WHAT TO DO -
Up to and including the line with "apply rel_prime_mult; apply", output the records exactly as they appear.

** INFORMATION GIVEN follows **

Lemma defect2_mul_div16 : (16 * m | h * defect2 m h h').
Proof.
  destruct Hinv as [w Hw]. assert (Hhh' : h * h' = w * (8 * m) - 1) by lia.
  destruct floor_sq_combination_mod4 as [_ [u Hu]].
  assert (HQ : floor_sq_sum (3 * h) (2 * m) = 3 * floor_sq_sum (3 * h) m - 3 * floor_sq_sum h m
               - 3 * floor_sq_sum h (2 * m) + (h * m + 2 - 2 * h) + u * 4) by lia.
  replace (h * defect2 m h h')
    with (3 * h * dedekind_numer (3 * h) (2 * m) + 6 * (h * dedekind_numer h m)
          + 3 * (h * dedekind_numer h (2 * m)) - 6 * (3 * h * dedekind_numer (3 * h) m)
          - 72 * h * m + 4 * h * h * (9 + 18 * m) + 4 * (h * h') * (1 - 4 * m * m))
    by (unfold defect2; ring).
  rewrite !dedekind_numer_mul, HQ, Hhh'
    by auto using coprime_3h_m, coprime_h_2m, coprime_3h_2m with zarith.
  exists (2 * w - 8 * m * m * w + 3 * m - 3 * h - 3 * h * m + 9 * h * h - 3 - 3 * u).
  ring.
Qed.

Lemma div144_of_div16_div9 C : (16 * m | h * C) -> (9 | C) -> (144 * m | C).
Proof.
  intros H16 H9.
  assert (Hh16 : rel_prime (16 * m) h).
  { apply rel_prime_sym, rel_prime_mult; [| exact Hhm].
    replace 16 with (2 * (2 * (2 * 2))) by reflexivity.
    repeat apply rel_prime_mult; exact coprime_h_2. }
  apply Gauss in H16; [| exact Hh16]. destruct H16 as [q ->].
  assert (H9m : rel_prime 9 (16 * m)).
  { apply rel_prime_mult.
    - apply bezout_rel_prime, (Bezout_intro _ _ _ (-7) 4). lia.
    - replace 9 with (3 * 3) by reflexivity. apply rel_prime_sym.
      apply rel_prime_mult; apply rel_prime_sym, prime_rel_prime; auto using prime_3. }
  rewrite Z.mul_comm in H9. apply Gauss in H9; [| exact H9m]. destruct H9 as [x ->].
  exists x. ring.
Qed.

Lemma defects_div144 : (144 * m | defect1 m h h') /\ (144 * m | defect2 m h h').
Proof.
  split; apply div144_of_div16_div9;
    auto using defect1_mul_div16, defect1_div9, defect2_mul_div16, defect2_div9.
Qed.

End Defects.

Lemma fold_Rplus_app l1 l2 :
  fold_right Rplus 0 (l1 ++ l2) = fold_right Rplus 0 l1 + fold_right Rplus 0 l2.
Proof. induction l1 as [|x l1 IH]; cbn [app fold_right]; [| rewrite IH]; lra. Qed.

Lemma dedekind_partial_sum_eq c K n : IZR K <> 0 ->
  fold_right Rplus 0
    (map (fun n : nat =>
            let r := Z.of_nat n in
            (IZR r / IZR K) * (IZR c * IZR r / IZR K - IZR (c * r / K)%Z - 1 / 2))
         (seq 1 n))
  = IZR c * IZR (zsum n (fun r => r * r)%Z) / (IZR K * IZR K)
    - IZR (zsum n (fun r => r * (c * r / K))%Z) / IZR K - IZR (zsum n (fun r => r)) / (2 * IZR K).
Proof.
  intros HK. induction n as [|n IH].
  - cbn. field. exact HK.
  - rewrite seq_S, map_app, fold_Rplus_app, IH, !zsum_S. cbn [map fold_right].
    replace (1 + n)%nat with (S n) by lia.
    rewrite !plus_IZR, !mult_IZR. field. exact HK.
Qed.

Ltac push_IZR :=
  repeat (rewrite mult_IZR || rewrite plus_IZR || rewrite minus_IZR || rewrite opp_IZR).

Lemma dedekind_sum_eq c K : (0 < K)%Z ->
  dedekind_sum c K = IZR (dedekind_numer c K) / (12 * IZR K).
Proof.
  intros HK. unfold dedekind_sum, dedekind_numer.
  assert (HK' : IZR K <> 0) by (apply not_0_IZR; lia).
  replace (Z.to_nat K - 1)%nat with (Z.to_nat (K - 1)) by lia.
  rewrite dedekind_partial_sum_eq by exact HK'. fold (weighted_floor_sum c K).
  pose proof (zsum_id (Z.to_nat (K - 1))) as Hid. pose proof (zsum_sq (Z.to_nat (K - 1))) as Hsq.
  rewrite Z2Nat.id in Hid, Hsq by lia.
  apply (f_equal IZR) in Hid, Hsq. revert Hid Hsq. push_IZR. intros Hid Hsq.
  replace (IZR (zsum _ (fun r => r))) with ((IZR K - 1) * IZR K / 2)
    by (apply (Rmult_eq_reg_l 2); [rewrite Hid; field | lra]).
  replace (IZR (zsum _ (fun r => r * r)%Z)) with ((IZR K - 1) * IZR K * (2 * IZR K - 1) / 6)
    by (apply (Rmult_eq_reg_l 6); [rewrite Hsq; field | lra]).
  field. exact HK'.
Qed.

Lemma cexpi_add a b : Cmult (cexpi a) (cexpi b) = cexpi (a + b).
Proof. unfold cexpi, Cmult. cbn. rewrite cos_plus, sin_plus. f_equal; ring. Qed.

Lemma cexpi_sub a b : Cdiv (cexpi a) (cexpi b) = cexpi (a - b).
Proof.
  unfold Cdiv. replace (a - b) with (a + - b) by ring. rewrite <- cexpi_add. f_equal.
  unfold cexpi, Cinv. cbn. rewrite cos_neg, sin_neg.
  replace (cos b * (cos b * 1) + sin b * (sin b * 1)) with 1
    by (pose proof (sin2_cos2 b); unfold Rsqr in *; lra).
  f_equal; field.
Qed.

Lemma cexpi_add_PI a : Copp (cexpi a) = cexpi (a + PI).
Proof. unfold cexpi, Copp. cbn. rewrite cos_plus, sin_plus, cos_PI, sin_PI. f_equal; ring. Qed.

Lemma cexpi_periodic a b n : a - b = 2 * PI * IZR n -> cexpi a = cexpi b.
Proof.
  intros H. unfold cexpi.
  destruct (Z_le_gt_dec 0 n) as [Hn | Hn].
  - replace a with (b + 2 * INR (Z.to_nat n) * PI)
      by (rewrite INR_IZR_INZ, Z2Nat.id by lia; lra).
    rewrite cos_period, sin_period. reflexivity.
  - replace b with (a + 2 * INR (Z.to_nat (- n)) * PI)
      by (rewrite INR_IZR_INZ, Z2Nat.id, opp_IZR by lia; lra).
    rewrite cos_period, sin_period. reflexivity.
Qed.

Lemma gcd6_eq2_split k : Z.gcd k 6 = 2%Z -> exists m, k = (2 * m)%Z /\ ~ (3 | m)%Z.
Proof.
  intros Hg. assert (H2 : (2 | k)%Z) by (rewrite <- Hg; apply Z.gcd_divide_l).
  destruct H2 as [m ->]. exists m. split; [ring |].
  intros H3. assert (H32 : (3 | Z.gcd (m * 2) 6)%Z).
  { apply Z.gcd_greatest; [apply Z.divide_mul_l, H3 | exists 2%Z; reflexivity]. }
  rewrite Hg in H32. destruct H32 as [x Hx]. lia.
Qed.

** End of INFORMATION GIVEN **

SOLUTION TO THE PROBLEM -
Lemma defect2_mul_div16 : (16 * m | h * defect2 m h h').
Proof.
  destruct Hinv as [w Hw]. assert (Hhh' : h * h' = w * (8 * m) - 1) by lia.
  destruct floor_sq_combination_mod4 as [_ [u Hu]].
  assert (HQ : floor_sq_sum (3 * h) (2 * m) = 3 * floor_sq_sum (3 * h) m - 3 * floor_sq_sum h m
               - 3 * floor_sq_sum h (2 * m) + (h * m + 2 - 2 * h) + u * 4) by lia.
  replace (h * defect2 m h h')
    with (3 * h * dedekind_numer (3 * h) (2 * m) + 6 * (h * dedekind_numer h m)
          + 3 * (h * dedekind_numer h (2 * m)) - 6 * (3 * h * dedekind_numer (3 * h) m)
          - 72 * h * m + 4 * h * h * (9 + 18 * m) + 4 * (h * h') * (1 - 4 * m * m))
    by (unfold defect2; ring).
  rewrite !dedekind_numer_mul, HQ, Hhh'
    by auto using coprime_3h_m, coprime_h_2m, coprime_3h_2m with zarith.
  exists (2 * w - 8 * m * m * w + 3 * m - 3 * h - 3 * h * m + 9 * h * h - 3 - 3 * u).
  ring.
Qed.

Lemma div144_of_div16_div9 C : (16 * m | h * C) -> (9 | C) -> (144 * m | C).
Proof.
  intros H16 H9.
  assert (Hh16 : rel_prime (16 * m) h).
  { apply rel_prime_sym, rel_prime_mult; [| exact Hhm].
    replace 16 with (2 * (2 * (2 * 2))) by reflexivity.
    repeat apply rel_prime_mult; exact coprime_h_2. }
  apply Gauss in H16; [| exact Hh16]. destruct H16 as [q ->].
  assert (H9m : rel_prime 9 (16 * m)).
  { apply rel_prime_mult.
    - apply bezout_rel_prime, (Bezout_intro _ _ _ (-7) 4). lia.
    - replace 9 with (3 * 3) by reflexivity. apply rel_prime_sym.
      apply rel_prime_mult; apply rel_prime_sym, prime_rel_prime; auto using prime_3. }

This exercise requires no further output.